We are happy to announce that Millicast Interactivity is now a reality.

This is how we have achieved it:

Multisource Streams

When you publish a live feed to Millicast (either by WebRTC or RTMP) using the current API, any previously published live feed is overwritten seamlessly, so viewers will always watch the most recently published stream.

This is done in order to allow reconnections or to replace a malfunctioning encoder before the previously published live feed is disconnected due to a timeout.

In other words, Millicast only allowed a single audio and video feed to be active for any given stream.

With the new multisource feature, Millicast is now able to bundle different independent publication feeds (each of one identified with a different source id) under the same stream, which enables multiple audio and video tracks from different sources to be available to viewers.

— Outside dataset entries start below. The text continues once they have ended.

(* Let $\mathbb X$ be the stationary Markov chain on $I\cup\mathcal E$ with transition matrix $P^\pi$ and stationary law $\pi$, let $\mathbb Y^{(\mathcal A)}$ be the stationary Markov chain on $I^2\times\mathcal E^*$ with transition matrix $\mathcal A$ and stationary law $\eta$, and let $\mathbb G$ be an i.i.d. sequence on $\mathcal E$ with law $\pi(\delta\mid\mathcal E)=\pi(\delta)/\pi(\mathcal E)$, so $h(\mathbb G)=-\sum_{\delta\in\mathcal E}\pi(\delta\mid\mathcal E)\log\pi(\delta\mid\mathcal E)$. Then $$h(\mathbb X)=\pi(I)\,h(\mathbb Y^{(\mathcal A)})+\pi(\mathcal E)^2h(\mathbb G)-\pi(I)\pi(\mathcal E)\log\pi(I)-\pi(\mathcal E)^2\log\pi(\mathcal E).$$
   Context: $I$ and $\mathcal E$ are disjoint countable sets, $\mathcal E\ne\emptyset$; $P$ is a stochastic matrix on $I\cup\mathcal E$ with all $\epsilon\in\mathcal E$ absorbing, irreducible restriction $P_I$ to $I$, $\sum_{i\in I}P(i,\mathcal E)>0$ where $P(i,\mathcal E)=\sum_{\epsilon\in\mathcal E}P(i,\epsilon)$, and $\mathcal E$ reached a.s. from every $i\in I$. $\mu$ is a quasi-stationary distribution of $P_I$: a probability on $I$ with $\mu^tP_I=\gamma\mu^t$, $\gamma=\sum_{i,j\in I}\mu(i)P(i,j)\in(0,1)$. $\pi$ is the probability on $I\cup\mathcal E$ with $\pi(i)=\gamma\mu(i)$ ($i\in I$), $\pi(\epsilon)=\sum_{i\in I}\mu(i)P(i,\epsilon)$ ($\epsilon\in\mathcal E$); $\pi(I)=\gamma$, $\pi(\mathcal E)=1-\gamma$. $P^\pi$ equals $P$ on rows $i\in I$ and has every row $\epsilon\in\mathcal E$ equal to $\pi$; $\pi$ is stationary for $P^\pi$. Let $\mathcal E^*=\mathcal E\cup\{o\}$, $o\notin I\cup\mathcal E$. The matrix $\mathcal A$ on $I^2\times\mathcal E^*$: $\mathcal A((i,j,\delta),(l,k,\epsilon))=0$ if $l\ne j$, $=P(j,k)$ if $l=j,\epsilon=o$, $=P(j,\epsilon)\mu(k)$ if $l=j,\epsilon\in\mathcal E$; its stationary law is $\eta(i,j,\delta)=\mu(i)P(i,j)\mathbf 1(\delta=o)+\mu(i)P(i,\delta)\mu(j)\mathbf 1(\delta\in\mathcal E)$. For a stationary Markov chain $\mathbb Z$ with transition matrix $R$ and stationary law $\nu$, $h(\mathbb Z)=-\sum_a\nu(a)\sum_bR(a,b)\log R(a,b)$ (with $0\log0=0$). *)

From HB Require Import structures.
From mathcomp Require Import all_boot all_order all_algebra.
From mathcomp Require Import all_classical all_reals.
From mathcomp Require Import topology normedtype sequences esum exp ereal.
From Stdlib Require Import Relations.
Set Implicit Arguments. Unset Strict Implicit. Unset Printing Implicit Defensive.
Import Order.TTheory GRing.Theory Num.Theory.
Local Open Scope classical_set_scope.
Local Open Scope ring_scope.

Section Defs.
Variable R : realType.

Definition xlogx (x : R) : R := if x == 0 then 0 else x * ln x.

(* entropy of a stationary Markov chain with stationary law nu and
   transition matrix Q:  - sum_a nu(a) sum_b Q(a,b) log Q(a,b),
   a sum of nonnegative terms, hence taken in the extended reals *)
Definition mc_entropy (S : choiceType) (nu : S -> R) (Q : S -> S -> R) : \bar R :=
  \esum_(a in [set: S]) \esum_(b in [set: S]) (nu a * - xlogx (Q a b))%:E.

Definition iid_entropy (S : choiceType) (p : S -> R) : \bar R :=
  \esum_(d in [set: S]) (- xlogx (p d))%:E.

Variables (I E : countType).
Notation St := (I + E)%type.

(* probability, starting from i, of not being absorbed in E by time n *)
Fixpoint surv (P : St -> St -> R) (n : nat) (i : I) : \bar R :=
  match n with
  | 0 => 1%E
  | n.+1 => \esum_(j in [set: I]) ((P (inl i) (inl j))%:E * surv P n j)%E
  end.

(* pi(epsilon) = sum_i mu(i) P(i, epsilon) (a finite sum, <= 1) *)
Definition piE (P : St -> St -> R) (mu : I -> R) (e : E) : R :=
  fine (\esum_(i in [set: I]) (mu i * P (inl i) (inr e))%:E).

The multisource feature is currently only supported with WebRTC sources. The publication of each WebRTC feed is handled normally by just adding a sourceId attribute when sending the publish command to Millicast. In the case where no sourceId is present, the stream will be treated as the default one to ensure backward compatibility. That means that you can use an RTMP publication as the main stream and multiple WebRTC publications with different source ids.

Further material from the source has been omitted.